Would of been my first guess! Just would be awesome if you got some sort of an all black/white snake from a super BluEL x Black ball.:2thumb:


----------



## alan1 (Nov 11, 2008)

50% cinny het russo
50% cinny mojave

chance per egg...


----------



## Wills (Sep 10, 2009)

be cool to see a supper black cinny pied though :whistling2:


----------



## paulibabes (Jan 6, 2008)

alan1 said:


> 50% cinny het russo
> 50% cinny mojave
> 
> chance per egg...


wicked, but I want to see pictures of supers of super crosses! .


----------



## alan1 (Nov 11, 2008)

Wills said:


> be cool to see a supper black cinny pied though :whistling2:


pandapied is virtually identical...


----------



## alan1 (Nov 11, 2008)

paulibabes said:


> wicked, but I want to see pictures of supers of super crosses! .


huh? no supers mate... see my 1st post

mojave x cinny is halfway down this link (wont let me copy pic)

Ball Python Morphs Proven / Unproven


----------



## paulibabes (Jan 6, 2008)

well what would you get with a mojave cinny x mojave cinny then?


----------



## alan1 (Nov 11, 2008)

i would guess a solid coloured, feint grey animal...


----------



## paulibabes (Jan 6, 2008)

alan1 said:


> i would guess a solid coloured, feint grey animal...


Really? What about the eyes then? I mean could you get a blue eyed snake that looks like a black ball from them?


----------



## Ssthisto (Aug 31, 2006)

paulibabes said:


> Really? What about the eyes then? I mean could you get a blue eyed snake that looks like a black ball from them?


What, you mean a Leucistic with the ducky-face?

Yes, probably.

You wouldn't get a blue-eyed black snake because Leucism is the result of the *absence* of skin melanin and the extreme reduction of ocular melanin.

I suspect that leucism would override the solid black colour, and you'd wind up with a blue-eyed white snake that will always throw (BluEL ingredient)+Cinnamon offspring.


----------



## paulibabes (Jan 6, 2008)

Ssthisto said:


> What, you mean a Leucistic with the ducky-face?
> 
> Yes, probably.
> 
> ...


So what you're saying is that white beats black haha!


----------



## Ssthisto (Aug 31, 2006)

Just saying that traits that *erase* colour tend to override traits that *increase* colour. 

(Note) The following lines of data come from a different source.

(* Let $X$, $Z$ be topological vector spaces and $C\subseteq Z$ a nonempty closed convex cone with $C^-\neq\{0\}$. Assume that there exist a bounded set $B\subseteq Z$ and a neighborhood $V$ of $0$ in $Z$ with $V\subseteq B-C$. If $f:X\to\mathcal{F}(Z,C)$ is lower continuous at $x_0\in{\rm dom\,} f$, then $f$ is efficient at $x_0$.
   Context: $\mathcal{F}(Z,C)=\{A\subseteq Z\colon A=\operatorname{cl}(A+C)\}$ (empty set included); $C^-=\{z^*\in Z^*\colon z^*(z)\le0\ \forall z\in C\}$; ${\rm dom\,} f=\{x\colon f(x)\neq\emptyset\}$. A set is bounded if it is absorbed by every neighborhood of $0$. $f$ is lower continuous at $x_0$ iff for every $z_0\in f(x_0)$ and every neighborhood $V$ of $z_0$ there is a neighborhood $U$ of $x_0$ with $f(x)\cap V\neq\emptyset$ for all $x\in U$. $f$ is efficient at $x_0$ iff there exist a neighborhood $U$ of $x_0$ and a bounded set $B'\subseteq Z$ with $f(x)\cap B'\neq\emptyset$ for all $x\in U$. *)

From HB Require Import structures.
From mathcomp Require Import all_boot all_order all_algebra.
From mathcomp Require Import all_classical all_reals all_analysis.
Set Implicit Arguments. Unset Strict Implicit. Unset Printing Implicit Defensive.
Import Order.TTheory GRing.Theory Num.Theory.
Local Open Scope classical_set_scope.
Local Open Scope ring_scope.

Section Defs.
Variable R : realType.

Definition set_add (Z : lmodType R) (A C : set Z) : set Z :=
  [set a + c | a in A & c in C].
Definition set_sub (Z : lmodType R) (A C : set Z) : set Z :=
  [set a - c | a in A & c in C].

Definition is_convex_set (Z : lmodType R) (C : set Z) : Prop :=
  forall x y t, C x -> C y -> 0 <= t -> t <= 1 -> C (t *: x + (1 - t) *: y).
Definition is_cone (Z : lmodType R) (C : set Z) : Prop :=
  forall t z, 0 <= t -> C z -> C (t *: z).

Definition is_cont_linear_functional (Z : topologicalLmodType R) (g : Z -> R) : Prop :=
  (forall (a : R) (x y : Z), g (a *: x + y) = a * g x + g y) /\ continuous (g : Z -> R^o).

Definition polar_cone (Z : topologicalLmodType R) (C : set Z) : set (Z -> R) :=
  [set g | is_cont_linear_functional g /\ forall z, C z -> g z <= 0].

Definition tvs_bounded (Z : topologicalLmodType R) (B : set Z) : Prop :=
  forall U : set Z, nbhs (0 : Z) U ->
    exists s : R, 0 < s /\ forall t : R, s < t -> B `<=` [set t *: u | u in U].

Definition in_FZC (Z : topologicalLmodType R) (C : set Z) (A : set Z) : Prop :=
  A = closure (set_add A C).

Definition lower_continuous_at (X Z : topologicalLmodType R)
  (f : X -> set Z) (x0 : X) : Prop :=
  forall z0, f x0 z0 -> forall W : set Z, nbhs z0 W ->
    exists U : set X, nbhs x0 U /\ forall x, U x -> f x `&` W !=set0.

Definition efficient_at (X Z : topologicalLmodType R)
  (f : X -> set Z) (x0 : X) : Prop :=
  exists U : set X, exists B' : set Z,
    nbhs x0 U /\ tvs_bounded B' /\ forall x, U x -> f x `&` B' !=set0.

End Defs.

From HB Require Import structures.
From mathcomp Require Import all_boot all_order all_algebra.
From mathcomp Require Import all_classical all_reals all_analysis.
Set Implicit Arguments. Unset Strict Implicit. Unset Printing Implicit Defensive.
Import Order.TTheory GRing.Theory Num.Theory.
Local Open Scope classical_set_scope.
Local Open Scope ring_scope.

(* Take z0 in f x0 and the neighborhood z0 + V of z0.  Lower continuity gives a
   neighborhood U of x0 such that every f x, x in U, contains some
   w = z0 + b - c with b in B and c in C; since f x absorbs C, it also contains
   w + c = z0 + b.  Hence f x meets the bounded set z0 + B for all x in U. *)

Section TopologicalLmodule.
Variables (R : realType) (Z : topologicalLmodType R).

Lemma nbhs0_split_add (U : set Z) : nbhs 0 U ->
  exists U1 U2 : set Z, [/\ nbhs 0 U1, nbhs 0 U2 &
    forall a b, U1 a -> U2 b -> U (a + b)].
Proof.
move=> U0; have := @add_continuous Z (0, 0) U; rewrite /= addr0 => /(_ U0).
case=> -[U1 U2] /= [U10 U20] sU; exists U1, U2; split=> // a b U1a U2b.
exact: (sU (a, b)).
Qed.

Lemma nbhs0_scaler_small (U : set Z) (z : Z) : nbhs 0 U ->
  exists2 e : R, 0 < e & forall r : R, `|r| < e -> U (r *: z).
Proof.
move=> U0; have := @scale_continuous R Z (0, z) U; rewrite /= scale0r => /(_ U0).
case=> -[A B] /= [/nbhs_ballP[e e0 eA] Bz] sU; exists e => // r re.
apply: (sU (r, z)); split; last exact: nbhs_singleton.
by apply: eA; rewrite /ball /= sub0r normrN.
Qed.

Lemma nbhs_shift0 (V : set Z) (z0 : Z) : nbhs 0 V -> nbhs z0 [set w | V (w - z0)].
Proof.
move=> V0; have := @sub_continuous Z (z0, z0) V; rewrite /= subrr => /(_ V0).
case=> -[A1 A2] /= [A1z0 A2z0] sV; apply: filterS A1z0 => w A1w.
exact: (sV (w, z0) (conj A1w (nbhs_singleton A2z0))).
Qed.

(* A translate z + B lies in t U for t large: z / t is eventually in U1 and B
   in t U2, where U1 + U2 is contained in U. *)
Lemma tvs_bounded_translate (B : set Z) (z : Z) : tvs_bounded B ->
  tvs_bounded [set z + b | b in B].
Proof.
move=> bB U U0.
have [U1 [U2 [U10 U20 sU]]] := nbhs0_split_add U0.
have [e e0 eU1] := nbhs0_scaler_small z U10.
have [s [s0 sB]] := bB U2 U20.
exists (Num.max s e^-1); split; first by rewrite lt_max s0.
move=> t; rewrite gt_max => /andP[st et] _ [b Bb <-].
have t0 : 0 < t by apply: lt_trans st.
have [u U2u <-] := sB t st b Bb.
exists (t^-1 *: z + u); last by rewrite scalerDr scalerA divff ?gt_eqF ?scale1r.
apply: sU U2u; apply: eU1.
by rewrite gtr0_norm ?invr_gt0 // -(invrK e) ltf_pV2 ?posrE ?invr_gt0.
Qed.

Lemma in_FZC_addr (C A : set Z) (w c : Z) : in_FZC C A -> A w -> C c -> A (w + c).
Proof. by move=> FA Aw Cc; rewrite FA; apply: subset_closure; exists w => //; exists c. Qed.

Lemma in_FZC_meet_shift (C A B V : set Z) (z0 : Z) :
  in_FZC C A -> V `<=` set_sub B C -> A `&` [set w | V (w - z0)] !=set0 ->
  A `&` [set z0 + b | b in B] !=set0.
Proof.
move=> FA sV [w [Aw /sV[b Bb [c Cc bc]]]].
exists (w + c); split; first exact: in_FZC_addr FA Aw Cc.
have -> : w = z0 + b - c by rewrite -addrA bc addrC subrK.
by exists b => //; rewrite subrK.
Qed.

End TopologicalLmodule.

Theorem mainTheorem4 (R : realType) (X Z : topologicalLmodType R) (C : set Z)
  (f : X -> set Z) (x0 : X) :
  C !=set0 -> closed C -> is_convex_set C -> is_cone C ->
  (exists g, polar_cone C g /\ g <> (fun _ => 0)) ->
  (exists (B : set Z) (V : set Z),
      tvs_bounded B /\ nbhs (0 : Z) V /\ V `<=` set_sub B C) ->
  (forall x, in_FZC C (f x)) ->
  f x0 !=set0 ->
  lower_continuous_at f x0 ->
  efficient_at f x0.
Proof.
move=> _ _ _ _ _ [B [V [bB [V0 sV]]]] Ff [z0 fz0] lcf.
have [U [U0 fU]] := lcf z0 fz0 _ (nbhs_shift0 z0 V0).
exists U, [set z0 + b | b in B]; split; first exact: U0.
split; first exact: tvs_bounded_translate.
by move=> x Ux; apply: in_FZC_meet_shift (Ff x) sV (fU x Ux).
Qed.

For example, a super lesser albino is two-toned white (because leucism subtracts the yellow from the pattern but leaves a sort of translucent / opaque patterning) with red eyes (because albinism subtracts black).


----------



## paulibabes (Jan 6, 2008)

but wouldn't it darken if then bred with cinny in it?


----------



## alan1 (Nov 11, 2008)

lesser cinnamon...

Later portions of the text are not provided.